The Casselton Republican and former state House Appropriations Commiuttee chairman served as the state’s Lieutenant Governor from 2000 to 2010. He became Governor when John Hoeven won a US Senate seat. Dalrymple was elected in 2012. He has been Governor during a huge expansion of the state’s oil industry, and during a time of high crop prices. And the state has the lowest unemployment rate in the country.
“In a lot of ways, it’s very fun to go to a conference of the national Governors, and have all the Governors k now that we are at the top of the list," Dalrynple told reporters.
Dalrymple presided over a period of prosperity that he termed a “golden period” for North Dakota, with the oil boom and good crop prices. He says during that time, the state was able to accomplish a lot.

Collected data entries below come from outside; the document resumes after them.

(* Let $D\subset\mathbb R^d$ be a domain, $\mathcal M$ a countable index set with a level function $|\cdot|\colon\mathcal M\to\mathbb N_0$, and $\theta_\mu\in L_\infty(D)$, $\mu\in\mathcal M$, such that for all $\mu\in\mathcal M$: (a) $\operatorname{diam}\operatorname{supp}\theta_\mu\eqsim 2^{-|\mu|}$; (b) $\#\{\mu\in\mathcal M:|\mu|=\ell,\ \operatorname{supp}\theta_\mu\cap B(x,r)\neq\emptyset\}\lesssim\max\{1,2^{d\ell}r^d\}$ for all $x\in\mathbb R^d$, $r>0$, $\ell\in\mathbb N_0$; (c) for some $\alpha>0$, $\|\theta_\mu\|_{L_\infty(D)}\lesssim 2^{-\alpha|\mu|}$. Then there exist $Q\in\mathbb N$, depending on $d$ and the implicit constants in (a)–(c), and a level assignment $|\cdot|_Q\colon\mathcal M\to\mathbb N_0$ such that: (i) if $|\mu|_Q=|\mu'|_Q$ and $\mu\neq\mu'$, then $\theta_\mu\theta_{\mu'}=0$ in $L_\infty(D)$; (ii) for every $\mu$ and all $\ell<|\mu|_Q$ there is at most one $\mu'$ with $|\mu'|_Q=\ell$ and $\theta_\mu\theta_{\mu'}\neq0$ in $L_\infty(D)$; (iii) $\#\{\mu:|\mu|_Q=\ell\}\lesssim 2^{\frac dQ\ell}$ for all $\ell$; (iv) $\sum_{|\mu|_Q=\ell}|\theta_\mu|\lesssim 2^{-\frac\alpha Q\ell}$ a.e. in $D$ for all $\ell$, with constants independent of $\ell$.
   Context: $B(x,r)$ denotes the ball of radius $r$ centered at $x$; $\lesssim$ and $\eqsim$ denote inequalities/equivalences up to constants independent of $\mu,\ell,x,r$. *)

From HB Require Import structures.
From mathcomp Require Import all_boot all_order all_algebra.
From mathcomp Require Import all_classical all_reals all_analysis.
Set Implicit Arguments. Unset Strict Implicit. Unset Printing Implicit Defensive.
Import Order.TTheory GRing.Theory Num.Theory.
Import numFieldNormedType.Exports.
Local Open Scope classical_set_scope.
Local Open Scope ring_scope.

Section Defs.
Variables (R : realType) (d : nat).
Notation V := 'rV[R]_d.

Definition eucl (x : V) : R := Num.sqrt (\sum_(i < d) (x ord0 i) ^+ 2).

Definition eball (x : V) (r : R) : set V := [set y | eucl (y - x) < r].

(* diameter (in the extended reals; -oo for the empty set, +oo if unbounded) *)
Definition diam (A : set V) : \bar R :=
  ereal_sup [set (eucl (x - y))%:E | x in A & y in A].

Definition box (a b : V) : set V :=
  [set x | forall i : 'I_d, a ord0 i <= x ord0 i <= b ord0 i].
Definition vol (a b : V) : R := \prod_(i < d) Num.max 0 (b ord0 i - a ord0 i).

"The infrastructure investments across the state will go down in history as the strongest period of state investment," said Dalrymple. "Of course, the amount of tax relief is something I hope people never forget."
Dalrymple says under his administration, income and property taxes have been cut by $4.2 billion.
Dalrymple governed during a time of major economic expansion, fueled by the Bakken shale play. But that also brought challenges, such as natural gas flaring, which skyrocketed. Dalrymple pushed for new regulations to reduce flaring and to reduce the volatility of Bakken crude.
"Really, we have tackled these impacts if rapid growth on all fronts," said Dalrymple. "We've made great progress. And we're going to see more progress in the coming months."
Dalrymple and First Lady Betsy Dalrymple plan to return to their farm in Casselton. But he says the next 16 months will be very busy – and he has a number of goals he wants to accomplish before he leaves Bismarck. He will be putting an executive budget together, and will present it to the Legislature’s pre-session in December, 2016 – just before he leaves office.